## TASK:
Give back exactly the lines of the data below, starting with the line that has "Lemma residual_hold_nonanticipating : nonanticipating" and going on through the line that has "Proof. by move=> d_cong d_closed".

Entries taken from a collection:
(* For all $i,j\in\{1,\dots,n\}$ the following relations hold in $(\mathcal{A}'/\mathrm{II},\diamond)$ (with summation over the repeated index $i$ in the last three): \begin{align*} \overline{\partial_i}\diamond\overline{\gamma^j}-\overline{\gamma^j}\diamond\overline{\partial_i}&=\tfrac1H\,\overline{\gamma_i}\diamond\overline{\partial^j},\\ \overline{\gamma^i}\diamond\overline{\gamma^j}+\overline{\gamma^j}\diamond\overline{\gamma^i}&=2\eta^{ij}\overline1+\tfrac{2}{H+1}\big(\overline{x^j}\diamond\overline{\partial^i}+\overline{x^i}\diamond\overline{\partial^j}\big),\\ \overline{\partial_i}\diamond\overline{x^j}-\overline{x^j}\diamond\overline{\partial_i}&=\delta_i^j\overline1+\tfrac1{2H}\,\overline{\gamma_i}\diamond\overline{\gamma^j}+\tfrac1{H+1}\,\overline{x_i}\diamond\overline{\partial^j},\\ \overline{\gamma^i}\diamond\overline{x^j}-\overline{x^j}\diamond\overline{\gamma^i}&=\tfrac1{H+1}\,\overline{x^i}\diamond\overline{\gamma^j},\\ \overline{x^i}\diamond\overline{\partial_i}&=\big(-\tfrac n2-H\big)\overline1,\\ \overline{\gamma^i}\diamond\overline{\partial_i}&=0,\\ \overline{\gamma_i}\diamond\overline{x^i}&=0. \end{align*}
   Context: Fix $n\ge1$ and an invertible complex matrix $\eta=(\eta^{ij})$ with $\eta^{ij}=\eta^{ji}$ and inverse $(\eta_{ij})$. $\mathcal{A}=W(2n|n)$ is the associative superalgebra generated by even $x^1,\dots,x^n,\partial_1,\dots,\partial_n$ and odd $\gamma^1,\dots,\gamma^n$ with relations $x^ix^j=x^jx^i$, $\partial_i\partial_j=\partial_j\partial_i$, $\partial_ix^j-x^j\partial_i=\delta_i^j$, $\gamma^i$ commuting with all $x^j,\partial_j$, $\gamma^i\gamma^j+\gamma^j\gamma^i=2\eta^{ij}$. Repeated indices are summed; $x_i=\eta_{ij}x^j$, $\partial^i=\eta^{ij}\partial_j$, $\gamma_i=\eta_{ij}\gamma^j$. Set $X=\frac{\sqrt{-1}}{\sqrt2}\gamma^i\partial_i$, $Y=\frac{\sqrt{-1}}{\sqrt2}\gamma^ix_i$, $H=-\frac12(\partial_ix^i+x^i\partial_i)$, $E=-\frac12\partial^i\partial_i$, $F=\frac12x^ix_i$. Let $\mathcal{A}'$ be the localization of $\mathcal{A}$ at the multiplicative set generated by $\{H+k:k\in\mathbb{Z}\}$, $\mathrm{II}:=Y\mathcal{A}'+F\mathcal{A}'+\mathcal{A}'X+\mathcal{A}'E$, and $\overline a:=a+\mathrm{II}$. Define $\kappa_k(t)=-k/2$ for $k$ even, $\kappa_k(t)=t+\frac{k+1}2$ for $k$ odd, $\varphi_k(t)=\prod_{l=1}^k\frac{(-1)^l}{\kappa_l(t)}$. The diamond product is $\overline a\diamond\overline b:=\sum_{k\ge0}a\varphi_k(H)Y^kX^kb+\mathrm{II}$ (all but finitely many terms lie in $\mathrm{II}$); it is associative. For a rational function $\phi$ with $\phi(H)\in\mathcal{A}'$ one writes $\phi(H)\,\overline a:=\overline{\phi(H)a}$ $(=\overline{\phi(H)}\diamond\overline a)$, e.g. $\frac1H\overline{a}=\overline{H^{-1}a}$. *)

(* W(2n|n) and its localization are modelled through an
   arbitrary complex unital algebra B containing elements x^i, d_i (=\partial_i),
   g^i (=\gamma^i) satisfying the defining relations of W(2n|n) and in which
   all H + k (k integer) are invertible. *)
From mathcomp Require Import all_boot all_algebra.
From mathcomp Require Import reals complex.
Set Implicit Arguments.
Unset Strict Implicit.
Unset Printing Implicit Defensive.
Import GRing.Theory Num.Theory.
Local Open Scope ring_scope.

Section WeylClifford.
Variables (R : realType) (n : nat) (eta : 'M[R[i]]_n) (B : unitAlgType R[i]).
Variables (x d g : 'I_n -> B).
(* Let $X$ be a set, $m\ge 1$, and let $\phi_1,\phi_2:X\times X\to\mathbb{C}$ be two functions such that, for $\phi=\phi_1$ and for $\phi=\phi_2$: (i) $\phi(x,y)=-\phi(y,x)$ for all $x,y\in X$; (ii) $\phi(x_1,x_2)\phi(x_3,x_4)-\phi(x_1,x_3)\phi(x_2,x_4)+\phi(x_1,x_4)\phi(x_2,x_3)=0$ for all $x_1,x_2,x_3,x_4\in X$. For $(x_1,\ldots,x_{2m})\in X^{2m}$ with $\phi_2(x_i,x_j)\neq 0$ for all $i\neq j$, define \[ \Delta_{2m}(x_1,\ldots,x_{2m})=\frac{\det_{1\le i\le m,\ m+1\le j\le 2m}\left(\dfrac{\phi_1(x_i,x_j)}{\phi_2(x_i,x_j)}\right)}{\prod_{1\le i<j\le m}\phi_2(x_i,x_j)\ \prod_{m+1\le i<j\le 2m}\phi_2(x_i,x_j)}. \] Then $\Delta_{2m}$ is a symmetric function of all its $2m$ arguments $x_1,\ldots,x_{2m}$ (on this domain).
   Context: The determinant is of the $m\times m$ matrix with rows indexed by $i=1,\ldots,m$ and columns by $j=m+1,\ldots,2m$. *)

From HB Require Import structures.
From mathcomp Require Import all_boot all_order all_algebra all_fingroup.
Set Implicit Arguments. Unset Strict Implicit. Unset Printing Implicit Defensive.
Import Order.TTheory GRing.Theory Num.Theory.
Local Open Scope ring_scope.

(* Indices 1..2m are represented by 'I_(m + m): the first block
   (lshift m i, i < m) corresponds to x_1..x_m, the second block
   (rshift m j, j < m) corresponds to x_{m+1}..x_{2m}. *)

Definition antisym (C : numClosedFieldType) (X : Type) (phi : X -> X -> C) :=
  forall x y, phi x y = - phi y x.

Definition plucker3 (C : numClosedFieldType) (X : Type) (phi : X -> X -> C) :=
  forall x1 x2 x3 x4,
    phi x1 x2 * phi x3 x4 - phi x1 x3 * phi x2 x4 + phi x1 x4 * phi x2 x3 = 0.

Definition Delta (C : numClosedFieldType) (X : Type) (phi1 phi2 : X -> X -> C)
    (m : nat) (x : 'I_(m + m) -> X) : C :=
  \det (\matrix_(i < m, j < m)
          (phi1 (x (lshift m i)) (x (rshift m j)) /
           phi2 (x (lshift m i)) (x (rshift m j))))
  / ((\prod_(i < m) \prod_(j < m | (i < j)%N)
         phi2 (x (lshift m i)) (x (lshift m j)))
     * (\prod_(i < m) \prod_(j < m | (i < j)%N)
         phi2 (x (rshift m i)) (x (rshift m j)))).
Definition Hpow (x y : R) : R := rpow (Hreal G x y) a.

Lemma Hreal_pos u : 0 <= u < 1 -> 0 < Hreal G u 1.
Proof.
  intros hu. specialize (Hpos u hu). rewrite (HF_Fin G Hfin), elt_Fin in Hpos by lra.
  exact Hpos.
Qed.

Lemma Hpow_unit x y : 0 <= x -> 0 < y -> Hpow x y = rpow y a * Hpow (x / y) 1.
Proof.
  intros hx hy.
  assert (0 <= x / y) by (apply Rmult_le_pos; [|left; apply Rinv_0_lt_compat]; lra).
  unfold Hpow. rewrite (Hreal_hom G HG Hfin x y hx hy).
  apply rpow_mult_distr; [lra | apply (Hreal_nonneg G HG Hfin); lra].
Qed.

(* The monotonicity of [h] after cross-multiplying and raising to the power [a]. *)
Lemma Hpow_cross u v : 0 <= u -> u <= v -> v < 1 ->
  (1 - rpow v a) * Hpow u 1 <= (1 - rpow u a) * Hpow v 1.
Proof.
  intros hu huv hv. specialize (Hh u v hu huv hv). fold (Hreal G v 1) (Hreal G u 1) in Hh.
  pose proof (Hreal_pos u ltac:(lra)) as Fu. pose proof (Hreal_pos v ltac:(lra)) as Fv.
  pose proof (rpow_lt_1 u a ltac:(lra) ltac:(lra)).
  pose proof (rpow_lt_1 v a ltac:(lra) ltac:(lra)).
  set (Au := rpow (1 - rpow u a) (1 / a)) in *.
  set (Av := rpow (1 - rpow v a) (1 / a)) in *.
  assert (Hcross : Av * Hreal G u 1 <= Au * Hreal G v 1).
  { apply (Rmult_le_compat_r (Hreal G u 1 * Hreal G v 1)) in Hh; [|nra].
    replace (Av / Hreal G v 1 * (Hreal G u 1 * Hreal G v 1)) with (Av * Hreal G u 1) in Hh
      by (field; lra).
    replace (Au / Hreal G u 1 * (Hreal G u 1 * Hreal G v 1)) with (Au * Hreal G v 1) in Hh
      by (field; lra).
    exact Hh. }
  assert (Hnn : 0 <= Av * Hreal G u 1) by (assert (0 <= Av) by apply rpow_nonneg; nra).
  pose proof (rpow_le_compat _ _ a (conj Hnn Hcross) ltac:(lra)) as Hpowered.
  unfold Hpow. rewrite !rpow_mult_distr in Hpowered by (try apply rpow_nonneg; lra).
  unfold Au, Av in Hpowered. rewrite !rpow_rpow_inv in Hpowered by lra. exact Hpowered.
Qed.

(* With [w = u / v], [u^a = w^a v^a]; adding the cross inequalities at [(u, v)] and
   [v] times the one at [(u, w)] gives [(1 - u^a)] times the claim. *)
Lemma Hpow_split u v : 0 <= u -> u < v -> v < 1 ->
  Hpow u 1 <= rpow v a * Hpow (u / v) 1 + Hpow v 1.
Proof.
  intros hu huv hv1. assert (hv : 0 < v) by lra.
  assert (Huw : u <= u / v).
  { apply (Rmult_le_reg_r v); auto. unfold Rdiv; rewrite Rmult_assoc, Rinv_l by lra. nra. }
  assert (Hw1 : u / v < 1).
  { apply (Rmult_lt_reg_r v); auto. unfold Rdiv; rewrite Rmult_assoc, Rinv_l by lra. nra. }
  pose proof (Hpow_cross u v hu ltac:(lra) hv1) as Cv.
  pose proof (Hpow_cross u (u / v) hu Huw Hw1) as Cw.
  assert (HU : rpow u a = rpow (u / v) a * rpow v a).
  { rewrite <- rpow_mult_distr by lra. f_equal; field; lra. }
  pose proof (rpow_pos v a hv). pose proof (rpow_lt_1 u a ltac:(lra) ltac:(lra)).
  pose proof (rpow_nonneg (Hreal G u 1) a). fold (Hpow u 1) in *.
  set (U := rpow u a) in *. set (V := rpow v a) in *. set (W := rpow (u / v) a) in *.
  apply (Rmult_le_reg_l (1 - U)); [lra|].
  apply (Rmult_le_compat_l V) in Cw; [|lra]. nra.
Qed.

Lemma Hpow_triangle_ordered x y z : 0 <= x -> 0 <= y -> x <= z ->
  Hpow x z <= Hpow x y + Hpow y z.
Proof.
  intros hx hy hxz.
  pose proof (rpow_nonneg (Hreal G x y) a). pose proof (rpow_nonneg (Hreal G y z) a).
  unfold Hpow in *.
  destruct (Rle_dec y x) as [hyx|hxy]; [|destruct (Rle_dec z y) as [hzy|hyz]].
  - pose proof (Hreal_le_first G HG Hfin x y z hy hyx hxz).
    pose proof (rpow_le_compat (Hreal G x z) (Hreal G y z) a).
    pose proof (Hreal_nonneg G HG Hfin x z hx ltac:(lra)). lra.
  - pose proof (Hreal_le_second G HG Hfin x y z hx hxz hzy).
    pose proof (rpow_le_compat (Hreal G x z) (Hreal G x y) a).
    pose proof (Hreal_nonneg G HG Hfin x z hx ltac:(lra)). lra.
  - fold (Hpow x z) (Hpow x y) (Hpow y z).
    assert (hz : 0 < z) by lra.
    assert (hv : 0 <= y / z) by (apply Rmult_le_pos; [|left; apply Rinv_0_lt_compat]; lra).
    pose proof (Hpow_split (x / z) (y / z)
      ltac:(apply Rmult_le_pos; [|left; apply Rinv_0_lt_compat]; lra)
      ltac:(apply Rmult_lt_compat_r; [apply Rinv_0_lt_compat|]; lra)
      ltac:(apply (Rmult_lt_reg_r z); auto; unfold Rdiv; rewrite Rmult_assoc, Rinv_l; lra))
      as Hsplit.
    replace (x / z / (y / z)) with (x / y) in Hsplit by (field; lra).
    rewrite (Hpow_unit x z), (Hpow_unit x y), (Hpow_unit y z) by lra.
    assert (Ey : rpow y a = rpow (y / z) a * rpow z a).
    { rewrite <- rpow_mult_distr by lra. f_equal; field; lra. }
    rewrite Ey.
    pose proof (rpow_nonneg z a).
    apply (Rmult_le_compat_l (rpow z a)) in Hsplit; auto. nra.
Qed.
Definition forced_sign i S : R :=
  if `[< forall S', U S' -> agree S S' i -> S' i <= S' i.+1 >] then 1
  else if `[< forall S', U S' -> agree S S' i -> S' i.+1 <= S' i >] then -1
  else 0.

Definition bet (k : nat) : portfolio R :=
  portfolio_of 0 (pn p) (fun i S => k%:R * forced_sign i S).

Definition minus_hedge (m : nat) : portfolio R :=
  match m with 0%N => const_portfolio 0 | 1%N => residual | k.+2 => bet k end.

Lemma summable_at_agree S S' i : agree S S' i -> summable_at i S' = summable_at i S.
Proof. by move=> ag; rewrite /summable_at; under eq_eseriesr do rewrite (hold_agree _ ag). Qed.

Lemma blown_up_agree S S' i : agree S S' i -> blown_up i S' = blown_up i S.
Proof.
move=> ag; apply: propext; split => -[l [hl [hg hd]]]; exists l;
  have agl := agree_le ag (ltnW hl).
  by rewrite -(summable_at_agree agl) -!ag // ltnW.
by rewrite (summable_at_agree agl) !ag // ltnW.
Qed.

Lemma residual_hold_nonanticipating : nonanticipating residual_hold.
Proof.
move=> i S S' ag; rewrite /residual_hold (blown_up_agree ag) (summable_at_agree ag).
rewrite (hold_agree _ ag); congr (if _ then _ - _ else _); congr (limn _).
by apply/funext => n; apply: eq_bigr => m _; rewrite (hold_agree _ ag).
Qed.

Lemma forced_sign_nonanticipating : nonanticipating forced_sign.
Proof.
move=> i S S' ag; rewrite /forced_sign.
have E (P : rseq R -> Prop) : (forall S'', U S'' -> agree S' S'' i -> P S'') =
                              (forall S'', U S'' -> agree S S'' i -> P S'').
  apply: propext; split => h S'' US'' ag''; apply: h => //.
    exact: agree_trans (agree_sym ag) ag''.
  exact: agree_trans ag ag''.
by rewrite !E.
Qed.

Lemma twealth_Q_ge0 m S : U S -> 0 <= twealth (Q m) S.
Proof.
move=> US; case: m => [|m]; first by rewrite /twealth Q_pos.2.
by have [_] := Q_pos.1.2 m.+1 isT; apply.
Qed.
Lemma meet_congruence S (mul : S -> S -> S) (P : (S -> S -> Prop) -> Prop) :
  is_congruence mul (fun x y => forall d, is_congruence mul d -> P d -> d x y).
Proof.
split=> [x d [d_refl _] _|]; first exact: d_refl.
split=> [x y dxy d d_cong Pd|].
  by have [_ [d_sym _]] := d_cong; exact: d_sym (dxy _ d_cong Pd).
split=> [x y z dxy dyz d d_cong Pd|a b c d' dab dcd d d_cong Pd].
  by have [_ [_ [d_trans _]]] := d_cong; apply: d_trans (dxy _ d_cong Pd) (dyz _ d_cong Pd).
by have [_ [_ [_ d_mul]]] := d_cong; apply: d_mul (dab _ d_cong Pd) (dcd _ d_cong Pd).
Qed.

Lemma commutator_congruence S (mul : S -> S -> S) n (al : 'I_n.+1 -> S -> S -> Prop) :
  is_congruence mul (commutator mul al).
Proof. exact: meet_congruence. Qed.

Lemma commutator_sub S (mul : S -> S -> S) n (al : 'I_n.+1 -> S -> S -> Prop) d :
  is_congruence mul d -> comm_closed mul al d -> rel_sub (commutator mul al) d.
Proof. by move=> d_cong d_closed x y; apply. Qed.

Lemma cong_gen_sub S (mul : S -> S -> S) (R d : S -> S -> Prop) :
  is_congruence mul d -> rel_sub R d -> rel_sub (cong_gen mul R) d.
Proof. by move=> d_cong Rd x y; apply. Qed.

Lemma sub_cong_gen S (mul : S -> S -> S) (R : S -> S -> Prop) : rel_sub R (cong_gen mul R).
Proof. by move=> x y Rxy d _; apply. Qed.

Lemma cube_ext_lift n (y : 'I_n -> bool) b t : cube_ext y b (lift ord_max t) = y t.
Proof. by rewrite /cube_ext liftK. Qed.

Lemma cube_ext_max n (y : 'I_n -> bool) b : cube_ext y b ord_max = b.
Proof. by rewrite /cube_ext unlift_none. Qed.

Lemma ord_maxVlift n (t : 'I_n.+1) : t = ord_max \/ exists t', t = lift ord_max t'.
Proof. by case: (unliftP ord_max t) => [t' ->|->]; [right; exists t' | left]. Qed.

Lemma ord2_cases (t : 'I_2) : t = ord0 \/ t = ord_max.
Proof. by case: t => [[|[|]]] // lt_t2; [left | right]; apply: val_inj. Qed.

Lemma exists_false_ord1 (y : 'I_1 -> bool) : (exists j, y j = false) -> y ord0 = false.
Proof. by case=> j; rewrite (ord1 j). Qed.

Lemma exists_false_ord2 (y : 'I_2 -> bool) :
  (exists j, y j = false) -> y ord0 = false \/ y ord_max = false.
Proof. by case=> j; case: (ord2_cases j) => <-; [left | right]. Qed.

Definition pt00 : 'I_2 -> bool := fun _ => false.
Definition pt01 : 'I_2 -> bool := fun t => t == ord_max.
Definition pt10 : 'I_2 -> bool := fun t => t == ord0.
Definition pt11 : 'I_2 -> bool := fun _ => true.

Section Group.
Variables (G : Type) (gm : G -> G -> G) (g1 : G) (gi : G -> G).
Hypothesis G_group : is_group gm g1 gi.
Local Infix "⊗" := gm (at level 40, left associativity).
Local Notation "x ^-1" := (gi x).
Local Notation "[~ x , y ]" := (gcomm gm gi x y).

Lemma mulgA x y z : x ⊗ (y ⊗ z) = x ⊗ y ⊗ z. Proof. by case: G_group. Qed.
Lemma mul1g x : g1 ⊗ x = x. Proof. by case: G_group => _ []. Qed.
Lemma mulg1 x : x ⊗ g1 = x. Proof. by case: G_group => _ [] _ []. Qed.
Lemma mulVg x : x^-1 ⊗ x = g1. Proof. by case: G_group => _ [] _ [] _ []. Qed.
Lemma mulgV x : x ⊗ x^-1 = g1. Proof. by case: G_group => _ [] _ [] _ []. Qed.
Lemma mulKg x y : x^-1 ⊗ (x ⊗ y) = y. Proof. by rewrite mulgA mulVg mul1g. Qed.
Lemma mulKVg x y : x ⊗ (x^-1 ⊗ y) = y. Proof. by rewrite mulgA mulgV mul1g. Qed.
Lemma mulgK x y : y ⊗ x ⊗ x^-1 = y. Proof. by rewrite -mulgA mulgV mulg1. Qed.
Lemma mulgKV x y : y ⊗ x^-1 ⊗ x = y. Proof. by rewrite -mulgA mulVg mulg1. Qed.
Lemma mulgI x y z : x ⊗ y = x ⊗ z -> y = z.
Proof. by move=> eq_xy; rewrite -(mulKg x y) eq_xy mulKg. Qed.
Lemma mulIg x y z : y ⊗ x = z ⊗ x -> y = z.
Proof. by move=> eq_yx; rewrite -(mulgK x y) eq_yx mulgK. Qed.
Lemma invgK x : x^-1^-1 = x.
Proof. by apply: (@mulgI x^-1); rewrite mulgV mulVg. Qed.
Lemma invMg x y : (x ⊗ y)^-1 = y^-1 ⊗ x^-1.
Proof. by apply: (@mulgI (x ⊗ y)); rewrite mulgV -mulgA (mulgA y) mulgV mul1g mulgV. Qed.
Lemma eq_mulVg1 x y : (x^-1 ⊗ y = g1) <-> x = y.
Proof. by split=> [eq1 | ->]; [rewrite -(mulKVg x y) eq1 mulg1 | exact: mulVg]. Qed.

Definition central c := forall x, c ⊗ x = x ⊗ c.

Lemma central1 : central g1. Proof. by move=> x; rewrite mul1g mulg1. Qed.
Lemma centralM a b : central a -> central b -> central (a ⊗ b).
Proof. by move=> ca cb x; rewrite -mulgA cb mulgA ca mulgA. Qed.
Lemma centralV a : central a -> central a^-1.
Proof. by move=> ca x; apply: (@mulgI a); rewrite mulKVg mulgA ca mulgK. Qed.
Lemma mulg_centralA a x y : central a -> x ⊗ a ⊗ y = x ⊗ y ⊗ a.
Proof. by move=> ca; rewrite -mulgA ca mulgA. Qed.

Lemma mulg_central2A x y u v :
  central u -> x ⊗ u ⊗ (y ⊗ v) = x ⊗ y ⊗ (u ⊗ v).
Proof. by move=> cu; rewrite !mulgA (mulg_centralA _ _ cu). Qed.

Lemma central_mulIg x u : central u -> central (x ⊗ u) -> central x.
Proof. by move=> cu cxu; rewrite -(mulgK u x); apply: centralM => //; apply: centralV. Qed.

## EXPECTED ANSWER:
Lemma residual_hold_nonanticipating : nonanticipating residual_hold.
Proof.
move=> i S S' ag; rewrite /residual_hold (blown_up_agree ag) (summable_at_agree ag).
rewrite (hold_agree _ ag); congr (if _ then _ - _ else _); congr (limn _).
by apply/funext => n; apply: eq_bigr => m _; rewrite (hold_agree _ ag).
Qed.

Lemma forced_sign_nonanticipating : nonanticipating forced_sign.
Proof.
move=> i S S' ag; rewrite /forced_sign.
have E (P : rseq R -> Prop) : (forall S'', U S'' -> agree S' S'' i -> P S'') =
                              (forall S'', U S'' -> agree S S'' i -> P S'').
  apply: propext; split => h S'' US'' ag''; apply: h => //.
    exact: agree_trans (agree_sym ag) ag''.
  exact: agree_trans ag ag''.
by rewrite !E.
Qed.

Lemma twealth_Q_ge0 m S : U S -> 0 <= twealth (Q m) S.
Proof.
move=> US; case: m => [|m]; first by rewrite /twealth Q_pos.2.
by have [_] := Q_pos.1.2 m.+1 isT; apply.
Qed.
Lemma meet_congruence S (mul : S -> S -> S) (P : (S -> S -> Prop) -> Prop) :
  is_congruence mul (fun x y => forall d, is_congruence mul d -> P d -> d x y).
Proof.
split=> [x d [d_refl _] _|]; first exact: d_refl.
split=> [x y dxy d d_cong Pd|].
  by have [_ [d_sym _]] := d_cong; exact: d_sym (dxy _ d_cong Pd).
split=> [x y z dxy dyz d d_cong Pd|a b c d' dab dcd d d_cong Pd].
  by have [_ [_ [d_trans _]]] := d_cong; apply: d_trans (dxy _ d_cong Pd) (dyz _ d_cong Pd).
by have [_ [_ [_ d_mul]]] := d_cong; apply: d_mul (dab _ d_cong Pd) (dcd _ d_cong Pd).
Qed.

Lemma commutator_congruence S (mul : S -> S -> S) n (al : 'I_n.+1 -> S -> S -> Prop) :
  is_congruence mul (commutator mul al).
Proof. exact: meet_congruence. Qed.

Lemma commutator_sub S (mul : S -> S -> S) n (al : 'I_n.+1 -> S -> S -> Prop) d :
  is_congruence mul d -> comm_closed mul al d -> rel_sub (commutator mul al) d.
Proof. by move=> d_cong d_closed x y; apply. Qed.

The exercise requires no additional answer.